Несмотря на опасности, подстерегавшие нас повсюду, нам все же удалось поездом доехать до Варшавы. Там мы пошли к Зильберштрому, директору той самой фирмы, где производились и продавались, наряду с уже упомянутыми зонтиками, плащи и резиновые сапоги. С семьей Зильберштрома брат был хорошо знаком еще до того, как устроился у него работать, и часто у них останавливался, когда приезжал в командировки. В этом доме мы пробыли четыре дня, постаравшись за это время по возможности больше узнать о происходящем и оценить ситуацию.
Десятки мнений и противоречивых слухов распространялись по городу, нами овладели беспокойство и нерешительность, мы не знали, что делать, и могли только молиться, чтобы наше решение оказалось правильным…
Можно ли передвигаться дальше на поезде? Не запретили ли русские пересечение границы на каких-то участках? Повсюду бесчинствовали уличные воры и бандиты, что также могло сорвать наши планы.
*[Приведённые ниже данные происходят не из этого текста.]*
Theorem proposition2 (R : realType) (nx nw nu nz ny : nat)
  (A : 'M[R]_nx) (B1 : 'M[R]_(nx, nw)) (B2 : 'M[R]_(nx, nu))
  (C1 : 'M[R]_(nz, nx)) (C2 : 'M[R]_(ny, nx)) (D11 : 'M[R]_(nz, nw))
  (D12 : 'M[R]_(nz, nu)) (D21 : 'M[R]_(ny, nw)) (gamma : R) :
  (0 < nx)%N ->
  stabilizable A B2 -> detectable C2 A ->
  0 < gamma ->
  (exists (X Y Ah : 'M[R]_nx) (Bh : 'M[R]_(nx, ny)) (Ch : 'M[R]_(nu, nx))
     (Dh : 'M[R]_(nu, ny)),
     Fgamma A B1 B2 C1 C2 D11 D12 D21 gamma X Y Ah Bh Ch Dh) ->
  forall C : set (Gpoint R nx nu ny),
    @is_path_component R _ (Ggamma A B1 B2 C1 C2 D11 D12 D21 gamma) C <->
    (C = Ggamma_plus A B1 B2 C1 C2 D11 D12 D21 gamma \/
     C = Ggamma_minus A B1 B2 C1 C2 D11 D12 D21 gamma).
Proof.
move=> nx_gt0 _ _ _ [X [Y [Ah [Bh [Ch [Dh FXY]]]]]] C.
pose p_plus : Gpoint R nx nu ny := (X, Y, Ah, Bh, Ch, Dh, 1%:M, 1%:M - Y *m X).
pose p_minus : Gpoint R nx nu ny :=
  (X, Y, Ah, Bh, Ch, Dh, flip_mx nx, (1%:M - Y *m X) *m flip_mx nx).
have Gplus_p : Ggamma_plus A B1 B2 C1 C2 D11 D12 D21 gamma p_plus.
  by split; [split; last rewrite mulmx1 | rewrite /= det1 ltr01].
have Gminus_p : Ggamma_minus A B1 B2 C1 C2 D11 D12 D21 gamma p_minus.
  by split; [split; last rewrite -mulmxA flip_mxK mulmx1 | rewrite /= det_flip_mx // ltrN10].
split.
  move=> [p [Gp ->]]; move: (Ggamma_det_Pi_neq0 Gp); rewrite neq_lt => /orP[p_neg | p_pos].
    by right; exact: path_component_Ggamma_minus.
  by left; exact: path_component_Ggamma_plus.
move=> [-> | ->].
  by exists p_plus; split; [exact: Gplus_p.1 | rewrite path_component_Ggamma_plus].
by exists p_minus; split; [exact: Gminus_p.1 | rewrite path_component_Ggamma_minus].
Qed.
Наконец мы сели в переполненный поезд, который шел в направлении пограничной реки Буг. Я был худым и маленьким, и мне без труда удалось втиснуться на свободное место, но мой брат, гораздо более крупный, едва протолкнулся в вагон. Там была такая теснота, что мы чуть не задохнулись. Поезд шел ужасно медленно. После многочасовой поездки, которая, казалось, никогда не закончится, мы остановились в маленьком городке, находился он примерно в ста километрах от реки. Дальше надо было идти пешком. Образовалась группа из двадцати человек, все были намного старше меня. Снег доходил до соломенных крыш, и было очень холодно.
За несколько монет польские крестьяне согласились подвезти наш багаж на телеге. Мы пустились в дорогу при сильном ветре, семеня за телегой, как траурная процессия за катафалком, согреваемые лишь дыханием лошади.
Монотонный ход по скрипящему снегу напомнил мне об изгнании евреев из Испании[4]4
В 1492 году по эдикту правящей королевской четы Фердинанда II Арагонского и Изабеллы Кастильской всем евреям Испании было предписано в трехмесячный срок либо креститься, либо покинуть пределы страны; оставшиеся после этого срока объявлялись вне закона. Для евреев изгнание стало национальной катастрофой.
[Закрыть]. Во время этого нескончаемого пути звучало во мне «Болеро» Равеля.
Иногда крестьяне останавливались, чтобы обратить наше внимание на расположенную вблизи базу немецких войск. Затем мы продолжали наш безмолвный путь. Я чувствовал озабоченный взгляд Исаака – он боялся, что мои силы закончатся. Тогда я старался идти твердым шагом и улыбаться, чтобы его успокоить.
В середине декабря 1939 года мы дошли до Буга, обессиленные, но живые. На другом берегу реки можно было различить солдат Красной армии в зеленых фуражках.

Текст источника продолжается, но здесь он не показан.